On Wednesday, May 29, McGill University will celebrate convocation by awarding diplomas to a law class who did not receive grades for their last term of work and who therefore did not meet the graduation requirements of the diploma. In doing so, McGill is violating its own statutes and regulations. Normally, the Faculty Council must review the grades and vote on their adoption, and do the same for the list of graduating students, before degrees can be awarded. For the first time in the history of the Faculty, this was not done.
This situation is not without consequences for “graduated” law students who will seek to obtain professional credentials, because they will receive a piece of paper which cannot attest to the obtaining of a diploma.
This unprecedented violation of the conditions for obtaining a diploma can be explained by a single reason: McGill has refused to negotiate for four weeks while its law professors are on strike. The McGill administration preferred to devote its efforts to circumventing the rules specific to graduation rather than negotiating a collective agreement in good faith.
The McGill Association of Law Professors (AMPD) is the first faculty union in the history of McGill University, and its administration has fought our existence tooth and nail.
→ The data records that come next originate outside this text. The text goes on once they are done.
Lemma edge_between_lc_linked Y Z : Y \in P -> Z \in P -> Y != Z ->
  X != Y -> X != Z -> edge_between K X Y -> edge_between K X Z ->
  edge_between K' Y Z = ~~ edge_between K Y Z.
Proof.
have /simple_graphP[_ symK] := sK.
move=> YP ZP YZ XY XZ XYlinked XZlinked.
have zY z : z \in Z -> z \notin Y by apply: part_notin ZP YP _; rewrite eq_sym.
have yZ y : y \in Y -> y \notin Z by apply: part_notin YP ZP YZ.
have vY : v \notin Y by apply: part_notin XP YP XY vX.
have vZ : v \notin Z by apply: part_notin XP ZP XZ vX.
have [YZlinked|YZunlinked] := boolP (edge_between K Y Z); last first.
  have [y yY vy] := pivot_neighbour_in YP XY XYlinked.
  have [z zZ vz] := pivot_neighbour_in ZP XZ XZlinked.
  apply/exists_inP; exists y => //; apply/exists_inP; exists z => //.
  rewrite adj_lc ?(part_neq YP ZP YZ) // vy vz addbT.
  apply: contra YZunlinked => yz.
  by apply/exists_inP; exists y => //; apply/exists_inP; exists z.
have toggled y z : y \in Y -> z \in Z -> adj K v y && adj K v z = adj K y z.
  move=> yY zZ; case/exists_inP: YZlinked => y1 y1Y /exists_inP[z1 z1Z y1z1].
  apply/andP/idP => [[vy vz]|yz].
    have yz1 : adj K y z1.
      by apply: (split_adj sK (splitP YP) yY y1Y (zY _ z1Z) vY); rewrite // symK.
    rewrite symK.
    by apply: (split_adj sK (splitP ZP) zZ z1Z (yZ _ yY) vZ); rewrite // symK.
  split; first exact: (pivot_adj_frontier YP XY XYlinked yY (zY _ zZ) yz).
  by apply: (pivot_adj_frontier ZP XZ XZlinked zZ (yZ _ yY)); rewrite symK.
apply/exists_inP => -[y yY /exists_inP[z zZ]].
by rewrite adj_lc ?(part_neq YP ZP YZ) // toggled // addbb.
Qed.

Lemma quotient_lc_outside :
  quotient_graph K' P = local_complement X (quotient_graph K P).
Proof.
have sK' := lc_simple v sK.
apply/ffunP => Y; apply/setP => Z; rewrite lcE !quotient_graphE XP /=.
have [YP|] //= := boolP (Y \in P); have [ZP|] /= := boolP (Z \in P); last first.
  by rewrite andbF.
have [|YZ] /= := eqVneq Y Z; first by rewrite !andbF.
have [XY|XY] /= := eqVneq X Y.
  by subst Y; apply: edge_between_lc_pivot_part ZP YZ.
have [XZ|XZ] /= := eqVneq X Z.
  subst Z; rewrite andbF edge_betweenC // edge_between_lc_pivot_part 1?eq_sym //.
  exact: edge_betweenC.
rewrite andbT.
have [XYlinked|XYunlinked] /= := boolP (edge_between K X Y); last first.
  exact: edge_between_lc_unlinked YP ZP YZ XY XYunlinked.
have [XZlinked|XZunlinked] /= := boolP (edge_between K X Z).
  exact: edge_between_lc_linked YP ZP YZ XY XZ XYlinked XZlinked.
rewrite edge_betweenC // edge_between_lc_unlinked // 1?eq_sym //.
exact: edge_betweenC.
Qed.

End PivotWithOutsideNeighbour.

Lemma quotient_lc_connect :
  connect (@lc_step _) (quotient_graph K P) (quotient_graph K' P).
Proof.
have [/exists_inP[b0 b0X vb0]|noOut] := boolP [exists w in ~: X, adj K v w].
  rewrite inE in b0X; rewrite (quotient_lc_outside b0X vb0); apply: connect1.
  by apply/existsP; exists X.
rewrite quotient_lc_inside // => w vw; apply: contraR noOut => wX.
by apply/exists_inP; exists w; rewrite ?inE.
Qed.

End QuotientLocalComplement.

Lemma QASST_refl (T : finType) (G : graph T) : QASST G G.
Proof.
apply/andP; split; first by apply/forallP.
by apply/forall_inP => P _; apply: connect0.
Qed.

Lemma QASST_lc (T : finType) (G H : graph T) v :
  simple_graph H -> QASST G H -> QASST G (local_complement v H).
Proof.
move=> sH /andP[/forallP eqStrong /forall_inP eqQuot]; apply/andP; split.
  by apply/forallP => A; rewrite strong_split_lc.
apply/forall_inP => P nodeP; apply: connect_trans (eqQuot P nodeP) _.
case/and3P: nodeP => partP /forall_inP strongP _.
apply: quotient_lc_connect => // X /strongP.
by rewrite (eqP (eqStrong X)) => /andP[].
Qed.
Lemma coset_min_lt x : (coset_min x < l)%N.
Proof. exact: leq_ltn_trans (coset_min_le (coset_min_in x)) (ltn_pmod _ l_gt0). Qed.

Lemma mem_TlP s :
  reflect ((s < l)%N /\ forall i : 'I_l, i \in C s -> (s <= i)%N) (s \in T).
Proof.
rewrite mem_filter mem_iota add0n andbC.
by apply: (iffP andP) => -[sl /forall_inP min_s]; split.
Qed.

Lemma coset_min_Tl x : coset_min x \in T.
Proof.
apply/mem_TlP; split=> [|i]; first exact: coset_min_lt.
move=> ci; apply/coset_min_le/(cyc_coset_trans (coset_min_in x)).
by rewrite /= cyc_coset_mod.
Qed.

Lemma coset_min_id s : s \in T -> coset_min s = s.
Proof.
case/mem_TlP => sl min_s; apply/eqP; rewrite eqn_leq; apply/andP; split.
  by have := coset_min_le (cyc_coset_self s); rewrite /= modn_small.
by have := min_s _ (coset_min_in s); rewrite /= modn_small ?coset_min_lt.
Qed.

Lemma mem_cyc_coset_Tl s (i : 'I_l) : s \in T -> (i \in C s) = (s == coset_min i).
Proof.
move=> sT; apply/idP/eqP => [si|->].
  have Ci : C i = C s by apply: cyc_coset_eq; rewrite ord_modE.
  by rewrite -(coset_min_id sT) /coset_min Ci.
by have := cyc_coset_sym (coset_min_in i); rewrite ord_modE /= cyc_coset_mod.
Qed.

Definition ord_opp (i : 'I_l) : 'I_l := ord_mod (l - i).

Lemma ord_oppK : involutive ord_opp.
Proof.
move=> i; apply/val_inj => /=; have [->|i_gt0] := posnP i.
  by rewrite subn0 modnn subn0 modnn.
have il := ltn_ord i; have lil : (l - i < l)%N by rewrite ltn_subrL i_gt0.
by rewrite (modn_small lil) subKn ?modn_small // ltnW.
Qed.

Lemma cyc_coset_opp a b (i : 'I_l) :
  ((a + b) %% l = 0)%N -> i \in C a -> ord_opp i \in C b.
Proof.
move=> ab0 /cyc_cosetP [j ei]; apply/cyc_cosetP; exists j => /=.
apply/eqP; rewrite -(eqn_modDr i) subnK ?modnn 1?ltnW //.
by rewrite ei modnDmr -mulnDl addnC -modnMml ab0 mul0n mod0n.
Qed.

Lemma mem_cyc_coset_negrep s (i : 'I_l) :
  (i \in C (negrep q l s)) = (ord_opp i \in C s).
Proof.
set t := ((l - s %% l) %% l)%N.
have st : ((s + t) %% l = 0)%N.
  by rewrite modnDmr -modnDml subnKC ?modnn // ltnW ?ltn_pmod.
have -> : negrep q l s = coset_min t by [].
rewrite (cyc_coset_eq (coset_min_in t)); apply/idP/idP => [|si].
  by apply: cyc_coset_opp; rewrite addnC.
by rewrite -[i]ord_oppK; apply: cyc_coset_opp si.
Qed.

Lemma negrep_Tl s : negrep q l s \in T.
Proof. exact: coset_min_Tl. Qed.

Lemma negrepK s : s \in T -> negrep q l (negrep q l s) = s.
Proof.
move=> sT; have Cn : C (negrep q l (negrep q l s)) = C s.
  by apply/setP => i; rewrite !mem_cyc_coset_negrep ord_oppK.
by rewrite -[RHS](coset_min_id sT) -(coset_min_id (negrep_Tl _)) /coset_min Cn.
Qed.

Lemma Tl_uniq : uniq T.
Proof. exact/filter_uniq/iota_uniq. Qed.

Lemma perm_negrep : perm_eq (map (negrep q l) T) T.
Proof.
apply: uniq_perm Tl_uniq _ => [|s].
  rewrite map_inj_in_uniq ?Tl_uniq // => s t sT tT st.
  by rewrite -(negrepK sT) st negrepK.
apply/mapP/idP => [[t _ ->]|sT]; first exact: negrep_Tl.
by exists (negrep q l s); rewrite ?negrep_Tl ?negrepK.
Qed.

Lemma big_negrep (R : Type) (idx : R) (op : Monoid.com_law idx) (F : nat -> R) :
  \big[op/idx]_(s <- T) F (negrep q l s) = \big[op/idx]_(s <- T) F s.
Proof. by rewrite -[RHS](perm_big _ perm_negrep) big_map. Qed.

Lemma big_cyc_cosets (R : Type) (idx : R) (op : Monoid.com_law idx) (F : 'I_l -> R) :
  \big[op/idx]_(i < l) F i = \big[op/idx]_(s <- T) \big[op/idx]_(i in C s) F i.
Proof.
rewrite [RHS]big_seq_cond.
rewrite (eq_bigr (fun s => \big[op/idx]_(i < l) if s == coset_min i then F i else idx)).
  rewrite -big_seq_cond exchange_big /=; apply: eq_bigr => i _.
  rewrite (bigD1_seq (coset_min i)) ?coset_min_Tl ?Tl_uniq //= eqxx big1 ?Monoid.mulm1 //.
  by move=> s /negbTE ->.
move=> s /andP [sT _]; rewrite big_mkcond /=; apply: eq_bigr => i _.
by rewrite mem_cyc_coset_Tl.
Qed.

Lemma big_cyc_coset_negrep (R : Type) (idx : R) (op : Monoid.com_law idx)
    (F : 'I_l -> R) s :
  \big[op/idx]_(i in C s) F (ord_opp i) = \big[op/idx]_(i in C (negrep q l s)) F i.
Proof.
rewrite [RHS](reindex_inj (can_inj ord_oppK)) /=; apply: eq_bigl => i.
by rewrite mem_cyc_coset_negrep ord_oppK.
Qed.

End CyclotomicCosets.

Lemma dvdp_prod_exp (K : fieldType) (M : nat -> {poly K}) (r : seq nat) (a b : nat -> nat) :
  (forall s, s \in r -> (a s <= b s)%N) ->
  \prod_(s <- r) M s ^+ a s %| \prod_(s <- r) M s ^+ b s.
Proof.
move=> ab; rewrite big_seq [X in _ %| X]big_seq.
elim/big_rec2: _ => [|s x y sr xy]; first exact: dvdpp.
by apply: dvdp_mul xy; rewrite -(subnK (ab s sr)) exprD dvdp_mulIr.
Qed.

Lemma Xn_sub1_pchar (K : fieldType) p t l : p \in [pchar K] ->
  ('X^(l * p ^ t) - 1 : {poly K}) = ('X^l - 1) ^+ (p ^ t).
Proof.
move=> pK; have pKX : p \in [pchar {poly K}] by rewrite pchar_poly.
elim: t => [|t IH]; first by rewrite expn0 muln1 expr1.
rewrite expnSr mulnA (exprM ('X^l - 1)) -IH -(pFrobenius_autE pKX).
rewrite pFrobenius_autB_comm; last exact: commr1.
by rewrite pFrobenius_aut1 pFrobenius_autE -exprM.
Qed.

Lemma map_xm1 (K L : fieldType) (phi : {rmorphism K -> L}) m :
  map_poly phi (xm1 K m) = xm1 L m.
Proof. by rewrite /xm1 rmorphB /= map_polyXn rmorph1. Qed.

Lemma map_pbar (K L : fieldType) (phi : {rmorphism K -> L}) m f :
  map_poly phi (pbar m f) = pbar m (map_poly phi f).
Proof. by rewrite /pbar map_modp map_comp_poly rmorphB /= rmorph1 !map_polyXn. Qed.

Lemma eqm_map (K L : fieldType) (phi : {rmorphism K -> L}) m f g :
  eqm m (map_poly phi f) (map_poly phi g) = eqm m f g.
Proof. by rewrite /eqm -rmorphB -(map_xm1 phi) dvdp_map. Qed.

Section PbarSplit.
Variables (K : fieldType) (m : nat).
Hypothesis m_gt0 : (0 < m)%N.

(* x * conj(x - a) = x^m - a x, which is 1 - a x in F[x]/(x^m - 1). *)
Lemma pbar_XsubC (a : K) : a != 0 ->
  eqm m ('X * pbar m ('X - a%:P)) ((- a)%:P * ('X - a^-1%:P)).
Proof.
move=> a_neq0; have Xpbar : eqm m ('X * pbar m ('X - a%:P)) ('X^m - 'X * a%:P).
  rewrite -[in X in eqm _ _ X](prednK m_gt0) exprS -mulrBr; apply: eqmMl.
  rewrite pbarD pbarN pbarC //; apply: eqmD; last exact: eqm_refl.
  by have := pbarXn K m 1; rewrite expr1 muln1.
apply: eqm_trans Xpbar _; rewrite /eqm.
have -> : (- a)%:P * ('X - a^-1%:P) = 1 - 'X * a%:P.
  by rewrite mulrBr -polyCM mulNr mulfV // polyCN; ring.
by rewrite opprB addrA subrK.
Qed.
It is using public funds to challenge the accreditation granted by the Administrative Labor Tribunal of Quebec on November 7, 2022. The AMPD is seeking to negotiate its first collective agreement since that date. Yet the McGill administration is dragging its feet and asking us to wait until 2025 for an agreement, which is why we ultimately chose to strike. On April 9, the AMPD warned the administration that, without an agreement in principle, an indefinite strike would begin on April 24.
This schedule aimed not to interrupt classes and exams, but only the correction and awarding of grades. Hence the response from the McGill administration: we will ignore your strike and pretend that we can issue degrees without you.
This response is appalling. Turning a deaf ear and getting bogged down in illegitimate machinations to circumvent our strike is symptomatic of deeper dysfunctions that we have observed within the University and which are also the subject of several of our demands. We are also dismayed by the fact that the same administrators who tell us that the cupboards are empty grant themselves salaries higher than those of the Prime Minister of Quebec and the Prime Minister of Canada.
The McGill administration’s desire to break with the basic principles of integrity in awarding degrees shows how far it has strayed from good governance. It also undermines academic and teaching freedom. Such contempt for the work of professors weakens what makes the university strong. It reflects a worrying fundamental movement in the world of higher education, which explains why sister associations in the universities of Quebec and Canada support us so generously and provide us with the means to resist the tactics anti-union activists at McGill. We never imagined that we would have to fight for diplomas to be awarded only if the educational conditions are met, but that is where we are.